Fasting peripheral venous EDTA blood samples were collected and centrifuged at 4°C and 3,000 rpm for 15 min. After being frozen, the samples were shipped in dry ice to the Institute for Nutritional Sciences and stored at −80°C until analyses. Total cholesterol, HDL cholesterol, LDL cholesterol, triglycerides, glucose, aspartate aminotransferase (AST), alanine aminotransferase (ALT), and γ-glutamyltransferase (GGT) were measured enzymatically on an automatic analyzer (Hitachi 7080, Tokyo, Japan) with reagents purchased from Wako Pure Chemical Industries (Osaka, Japan). Plasma high-sensitivity (hs) C-reactive protein (CRP) was measured by a particle-enhanced immunoturbidimetric assay (Roche Diagnostics, Indianapolis, IN). A1C was quantified from resolved erythrocytes with an automated immunoassay (Roche Diagnostics). Insulin was measured with a completely homologous radioimmunoassay (Linco Research, St. Charles, MO), which had <0.2% cross-reactivity with proinsulin. The insulin resistance index (homeostasis model assessment of insulin resistance [HOMA-IR]) was calculated using updated homeostasis model assessment methods (http://www.dtu.ox.ac.uk/).

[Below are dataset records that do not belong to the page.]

Lemma nonedge_count_universal u phi : nonnbrs r u = set0 ->
  nonedge_count r setT phi = nonedge_count r [set~ u] (fun q => phi (q.1.1.+1, q.1.2, q.2)).
Proof.
move=> u_univ; have univ z : z != u -> r u z.
  by move=> zu; move/setP/(_ z): u_univ; rewrite !inE zu => /negbFE.
apply: eq_card => [[x y]]; rewrite !inE /nonedge /= !inE.
case xy: (x != y); rewrite ?andbF //=; case rxy: (r x y); rewrite ?andbF //=.
have xu : x != u by apply: contraFneq rxy => xu; rewrite xu univ // -xu eq_sym xy.
have yu : y != u by apply: contraFneq rxy => yu; rewrite r_sym yu univ // -yu xy.
rewrite xu yu profile_setT /= !(setIC [set~ u]) -!setDE; congr phi.
have uC : u \in common_nbrs r x y by rewrite inE (r_sym x) (r_sym y) !univ.
have uA : u \notin private_nbrs r x y by rewrite inE (r_sym y) univ ?andbF.
have uB : u \notin private_nbrs r y x by rewrite inE (r_sym x) univ ?andbF.
rewrite [#|common_nbrs r x y|](cardsD1 u) [#|private_nbrs r x y|](cardsD1 u).
by rewrite [#|private_nbrs r y x|](cardsD1 u) uC (negbTE uA) (negbTE uB).
Qed.

Lemma nonedge_count_psize0 : (forall x, exists z, r x z) ->
  nonedge_count r setT (fun q => psize q == 0) = 0.
Proof.
move=> has_nbr; rewrite nonedge_countE big1 // => [[x y]] _ /=.
have [z rxz] := has_nbr x.
have x_nbrs : 0 < #|common_nbrs r x y| + #|private_nbrs r x y|.
  rewrite addn_gt0; apply/orP; case: (boolP (r y z)) => ryz; [left | right];
    by apply/card_gt0P; exists z; rewrite inE rxz.
rewrite /= !setTI; case: eqP; rewrite ?andbF //; lia.
Qed.

End Nonneighbours.

(* Lets [bigD1] split the minimum defining [domination_number]. *)
HB.instance Definition _ := SemiGroup.isComLaw.Build nat minn minnA minnC.

Section Domination.
Variables (n : nat) (g : rel 'I_n).

Lemma domination_number_le D : dominating g D -> domination_number g <= #|D|.
Proof. by move=> D_dom; rewrite /domination_number (bigD1 D) //= geq_minl. Qed.

Lemma two_le_domination_number : 1 < n -> (forall u, nonnbrs g u != set0) ->
  1 < domination_number g.
Proof.
move=> n_gt1 no_univ; apply: (big_ind (fun m => 1 < m)) => // [a b a_gt1 b_gt1|D D_dom].
  by rewrite leq_min a_gt1 b_gt1.
rewrite ltnNge; apply/negP => D_le1; case: (posnP #|D|) => [/cards0_eq D0|D_gt0].
  move/forallP/(_ (Ordinal (ltnW n_gt1))): D_dom; rewrite D0 inE /=.
  by case/existsP => w; rewrite inE.
have /cards1P [u Du] : #|D| == 1 by lia.
have /set0Pn [z] := no_univ u; rewrite inE => /andP [zu nuz].
move/forallP/(_ z): D_dom; rewrite Du !inE (negbTE zu) /=.
by case/existsP => w; rewrite !inE => /andP [/eqP -> uz]; rewrite uz in nuz.
Qed.

Hypothesis g_simple : simple_graph g.

Lemma nonedge_count_psize_top : (forall u, nonnbrs g u != set0) ->
  domination_number g <> 2 -> nonedge_count g setT (fun q => psize q == n - 2) = 0.
Proof.
move=> no_univ g_dom; rewrite nonedge_countE big1 // => [[x y]] _ /=.
case: (boolP (nonedge g setT (x, y))) => [/and4P [_ _ xy nxy]|//].
apply/eqP; rewrite eqb0; apply/eqP => top.
have := card_undominated g_simple xy nxy; rewrite /= top subnn => /cards0_eq undom.
have xy_dom : dominating g [set x; y].
  apply/forallP => v; move/setP/(_ v): undom; rewrite !inE => /negbFE.
  case: (v == x) => //=; case: (v == y) => //= v_nbr; apply/existsP.
  case: (boolP (g x v)) => gxv; first by exists x; rewrite !inE eqxx gxv.
  by exists y; move: v_nbr; rewrite !inE eqxx (negbTE gxv) orbT /= andbT.
have n_gt1 : 1 < n by have := max_card [set x; y]; rewrite cards2 xy card_ord.
have := domination_number_le xy_dom; rewrite cards2 xy.
by have := two_le_domination_number n_gt1 no_univ; lia.
Qed.

End Domination.

Lemma connected_has_nbr n (g : rel 'I_n) : 1 < n -> connected_graph g ->
  forall v, exists z, g v z.
Proof.
move=> n_gt1 g_conn v.
have /card_gt0P [z] : 0 < #|[set~ v]| by rewrite cardsC1 card_ord; lia.
rewrite !inE => zv; case/connectP: (g_conn v z) => [[|w p]] /=.
  by move=> _ zv'; rewrite zv' eqxx in zv.
by case/andP => gvw _ _; exists w.
Qed.

Lemma eq_set2 (T : finType) (x y a b : T) : x != y ->
  ([set a; b] == [set x; y]) = (a == x) && (b == y) || (a == y) && (b == x).
Proof.
move=> xy; apply/eqP/idP => [E|/orP [] /andP [/eqP -> /eqP ->] //]; last by rewrite setUC.
have := set21 x y; have := set22 x y; rewrite -E !inE => yab xab.
have := set21 a b; have := set22 a b; rewrite E !inE => bxy axy.
case/orP: axy => /eqP ax; case/orP: bxy => /eqP bx; subst a b; rewrite ?eqxx ?orbT //.
- by move: yab; rewrite orbb eq_sym (negbTE xy).
- by move: xab; rewrite orbb (negbTE xy).
Qed.

Lemma card_set2_imset (T : finType) (S : {set T * T}) :
  (forall x y, ((x, y) \in S) = ((y, x) \in S)) -> (forall u, u \in S -> u.1 != u.2) ->
  #|[set [set u.1; u.2] | u in S]| * 2 = #|S|.
Proof.
move=> S_sym S_offdiag.
rewrite -[RHS]sum1_card (partition_big_imset (fun u => [set u.1; u.2])) -sum_nat_const.
apply: eq_bigr => _ /imsetP [[x y] xyS ->] /=.
have xy := S_offdiag _ xyS.
rewrite sum1dep_card.
have -> : [set u in S | [set u.1; u.2] == [set x; y]] = [set (x, y); (y, x)].
  apply/setP => [[a b]]; rewrite !inE /= eq_set2 // !xpair_eqE.
  apply/andP/idP => [[] //|ab]; split => //.
  by case/orP: ab => /andP [/eqP -> /eqP ->]; rewrite // -S_sym.
by rewrite cards2 xpair_eqE negb_and xy.
Qed.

Plasma LBP levels were determined by a sandwich ELISA (USCN Life Science & Technology, Missouri City, TX). Plasma samples were diluted at least 200 times and assayed according to the manufacturer's instructions. The assay has a sensitivity of 0.2 ng/ml and a measurable concentration range of 0.78–50 ng/ml. The intra-assay and interassay coefficients of variation were <5 and <10%, respectively. Enzyme immunoassays were used to measure plasma interleukin (IL)-6, leptin (R&D Systems, Minneapolis, MN), and high-molecular-weight (HMW)-adiponectin (Millipore, St. Charles, MO). The interassay coefficients of variation were 9.6 and 6.5% for IL-6 at 0.49 and 5.65 pg/ml, 5.4 and 3.5% for leptin at 65.7 and 581 pg/ml, and 8.1 and 3.8% for HMW-adiponectin at 21.23 and 61.50 ng/ml, respectively. Hepatitis B surface antigen (HBsAg) was detected by a Murex HBsAg ELISA kit (Murex Biotech, Dartford, Kent, U.K.).

Definition of diseases

Metabolic syndrome was defined according to the updated National Cholesterol Education Program Adult Treatment Panel III criteria for Asian-Americans (16), including at least three of the following components: 1) waist circumferences ≥90 cm in men or ≥80 cm in women, 2) triglycerides ≥1.7 mmol/l, 3) HDL cholesterol <1.03 mmol/l in men or <1.30 mmol/l in women, 4) blood pressure ≥130/85 mmHg or current use of antihypertensive medications, and 5) fasting plasma glucose ≥5.6 mmol/l. Type 2 diabetes was defined as fasting plasma glucose ≥7.0 mmol/l or 2-h postload plasma glucose ≥11.1 mmol/l during an oral glucose tolerance test. The selection procedure for the oral glucose tolerance test is described in supplementary Fig. A1 (available in an online appendix at http://care.diabetesjournals.org/cgi/content/full/dc10-0340/DC1). Elevated hepatic enzymes were defined as the highest quartiles of one or more hepatic enzymes: AST ≥30 IU/l, ALT ≥33 IU/l, or GGT ≥42 IU/l.

Statistical analyses

Log transformations were performed for LBP, triglycerides, insulin, HOMA-IR, inflammatory makers, adipokines, and hepatic enzymes to approximate normality. ANCOVA for continuous variables and logistic regression models for categorical variables were applied for the comparison across obesity status. Multiple comparison corrections were performed using the Benjamini and Hochberg procedure (17). Partial Spearman correlation coefficients between LBP and various parameters were calculated by adjustment for age, sex, and BMI. Individuals with presumably acute inflammation (hs-CRP >10 mg/l) were excluded (n = 18, 1.7%), leaving 1,041 subjects in the analysis. Of these, 942 subjects completed a DEXA scan.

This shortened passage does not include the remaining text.